I just rang them, they had everything in stock, £13.21 for four cable ends, and two battery clamps including VAT and postage, just a shame they won't arrive before we go away, I could have fitted them while we were away, I like to do something to while away the time, I stripped out one side of over head cupboards last time we were away to get a 12" TV/Video we weren't going to use.

I need to have a sale of all the stuff I've taken of this MH.

Kev


----------



## Pudsey_Bear (Sep 25, 2008)

On a slightly different tack.

Now that I'm sorted re extra battery, I have now to fit the Solar Panel, I have all the stuff except the cable to do it with, and the courage to drill through the roof.

My plan is as follows, and if there is a flaw in it I'd appreciate being told, not doing it till after easter hols anyway so no panic.

Do roof stuff, mark out where panel is to go, prime roof, stick brackets to roof, remove panel when gunge is set, wire panel, put wire from panel through gingerly drilled hole with grommet for hole and fancy doodah to stop water ingress elbowy type thing see>>> elbowy thingy <<<

Behind the Laika leccy panel is a 5" deep void, and in the 'Ceiling' there is a 1" diameter hole roughly where I want to drill, I plant to borrow a 6" nail and after finding the centre of this hole, gently tap it with a small hammer, to hopefully make a tiny lump in the roof surface, which I then smack with a center punch, and drill correct size hole, to accept cable and grommet, cable on the roof has to be special UV stuff, but once inside can use ordinary automotive heat resistant stuff, lots cheaper 

Use choc block to join wires, fasten choc box to sound surface, run wires to Regulator solar connection, but don't connect yet , then run from the battery connection to one of the batteries, all easy (I think) so far, but then I come to the problem which is puzzling me there is a connection on the regulator which says 'load' and bearing in mind all my 12v stuff is already wired in and working fine, what do I put on this 'load' connection :? :? :?

Any ideas.

Kev.


----------



## SaddleTramp (Feb 15, 2007)

Hi Kev
If you are looking for cable, I got 10 meters of each (Black + Red) from here www.autoelectricsupplies.co.uk and the cost was only £18 inc postage the wire is 5mm OD to allow for long length.


----------



## madontour (May 19, 2008)

Don't know if this helps but my regulator allows me to use the solar panel as a glorified photoelectric switch.

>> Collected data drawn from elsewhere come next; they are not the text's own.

(* Let $N$ be a Poisson process on $[0,\infty)$ with intensity $\lambda>0$, with points $0<X_1<X_2<\cdots$, and for $\epsilon>0$ let $\beta_0(x)=\beta_0^{(\epsilon)}(x)$ be the number of complete clusters in $[0,x]$ for connection threshold $\epsilon$. Let $m$ be a positive integer and $x>0$. Then $\mathbb{E}[\beta_0(x)^m]\to\mathbb{E}[N_x^m]$ as $\epsilon\to0$.
   Context: $N_x=\#\{n\ge1:X_n\le x\}$. A cluster (for threshold $\epsilon$) is a maximal set of consecutive points $X_j,\dots,X_k$ with $X_{l+1}-X_l\le\epsilon$ for $j\le l<k$; its end is $X_k+\epsilon$. $\beta_0(x)$ is the number of clusters whose end is $\le x$. *)

From HB Require Import structures.
From mathcomp Require Import all_boot all_order all_algebra.
From mathcomp Require Import all_classical all_reals all_analysis.
Set Implicit Arguments. Unset Strict Implicit. Unset Printing Implicit Defensive.
Import Order.TTheory GRing.Theory Num.Theory.
Import numFieldNormedType.Exports.
Local Open Scope classical_set_scope.
Local Open Scope ring_scope.

Section poisson_defs.
Context {d : measure_display} {T : measurableType d} {R : realType}.

(* Points are 0-indexed: [X n] is the paper's X_{n+1}. *)

Definition gap (X : nat -> T -> R) (n : nat) (w : T) : R :=
  if n is k.+1 then X k.+1 w - X k w else X 0%N w.

Definition mutually_independent (P : probability T R) (Y : nat -> T -> R) :=
  forall (s : seq nat) (B : nat -> set R), uniq s ->
    (forall i, measurable (B i)) ->
    P (\big[setI/setT]_(i <- s) (Y i @^-1` B i)) =
    (\prod_(i <- s) P (Y i @^-1` B i))%E.

(* X is (the sequence of points of) a homogeneous Poisson process on [0,oo)
   with intensity lam: the inter-arrival times are i.i.d. Exp(lam). *)
Definition poisson_process (P : probability T R) (lam : R) (X : nat -> T -> R) :=
  [/\ forall n, measurable_fun setT (X n),
      mutually_independent P (gap X) &
      forall n (A : set R), measurable A ->
        P (gap X n @^-1` A) = exponential_prob lam A].

Definition count_pts (X : nat -> T -> R) (x : R) (w : T) : \bar R :=
  (\sum_(0 <= n <oo) (((X n w <= x)%R)%:R)%:E)%E.

(* beta_0(x): number of clusters (threshold eps) whose end is <= x.
   Each cluster is identified by its last point X_k, characterised by
   X_{k+1} - X_k > eps; its end is X_k + eps. *)
Definition beta0 (eps : R) (X : nat -> T -> R) (x : R) (w : T) : \bar R :=
  (\sum_(0 <= n <oo) ((((eps < X n.+1 w - X n w) && (X n w + eps <= x))%R)%:R)%:E)%E.

End poisson_defs.

From HB Require Import structures.
From mathcomp Require Import all_boot all_order all_algebra.
From mathcomp Require Import all_classical all_reals all_analysis.
Import Order.TTheory GRing.Theory Num.Theory.
Import numFieldNormedType.Exports.
Local Open Scope classical_set_scope.
Local Open Scope ring_scope.
From mathcomp Require Import measurable_realfun exponential_distribution ring.
Set Implicit Arguments. Unset Strict Implicit. Unset Printing Implicit Defensive.
Local Open Scope ereal_scope.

Once it goes dark (ie no outpt from the panel) anything connected to the 'load' is turned on. The 'load' is switched off after a (configurable) delay or when it gets light.

Mike


----------



## Pudsey_Bear (Sep 25, 2008)

Thanks Les,

I'll probably go to *Aire & Sun Power* for the cable, he's not too far from me, and his advice might prove useful, plus it keeps my money local, I hate to be too far from it :lol:

Mike, I think you need to to tell us a bit more about that one, I've never heard of it before.

Kev.


----------



## vicdicdoc (May 14, 2005)

Kev_Behr said:


> . . .Behind the Laika leccy panel is a 5" deep void, and in the 'Ceiling' there is a 1" diameter hole roughly where I want to drill, I plant to borrow a 6" nail and after finding the centre of this hole, gently tap it with a small hammer, to hopefully make a tiny lump in the roof surface, which I then smack with a center punch, and drill correct size hole, to accept cable and grommet, cable on the roof has to be special UV stuff, but once inside can use ordinary automotive heat resistant stuff, lots cheaper
> Kev.


I'd sharpen the point of the nail so as to make a sharp imprint in the roof - but bear in mind that the 'imprint' will be pointy up and you may have a problem trying to drill in the precise spot !


----------



## vicdicdoc (May 14, 2005)

Kev_Behr said:


> . . . the problem which is puzzling me there is a connection on the regulator which says 'load' and bearing in mind all my 12v stuff is already wired in and working fine, what do I put on this 'load' connection :? :? :?
> Any ideas. Kev.


Your not alone ! I've wondered too - if the 'load' is lights or fan or whatever its obvious that given daylight or sunshine they will operate - but come night time ??


----------



## Spacerunner (Mar 18, 2006)

When fastening the panel to the brackets, is it worth making the panel tiltable?
I thought something like bolts and butterfly nuts, then you could manually tilt the panel towards- (ish) the sun for better performance.


----------



## Pudsey_Bear (Sep 25, 2008)

vicdicdoc I'll just use a centre punch to tap it down again as I will only give it a light tap from inside. (your user name brings some strange images to mind :lol: :lol: :lol: male gynecologist called victor) :lol: :lol: :lol: 

Spacerunner, I did consider it, but I'll see how it goes 1st as is, as I've just gone from 80ah with no problems up to 220ah, so I don't envisage the need for massive charging, I'm only using stuff up or already had lying about total cost so far is under£150, inc battery and solar panel.


Kev.


----------



## Pudsey_Bear (Sep 25, 2008)

I've just been thinking about sweating on the ring terminals to connect my two leisure batteries together, and I was reading some threads about electrics in general, and it occurred to me that I hadn't seen any mention of fuses between the batteries.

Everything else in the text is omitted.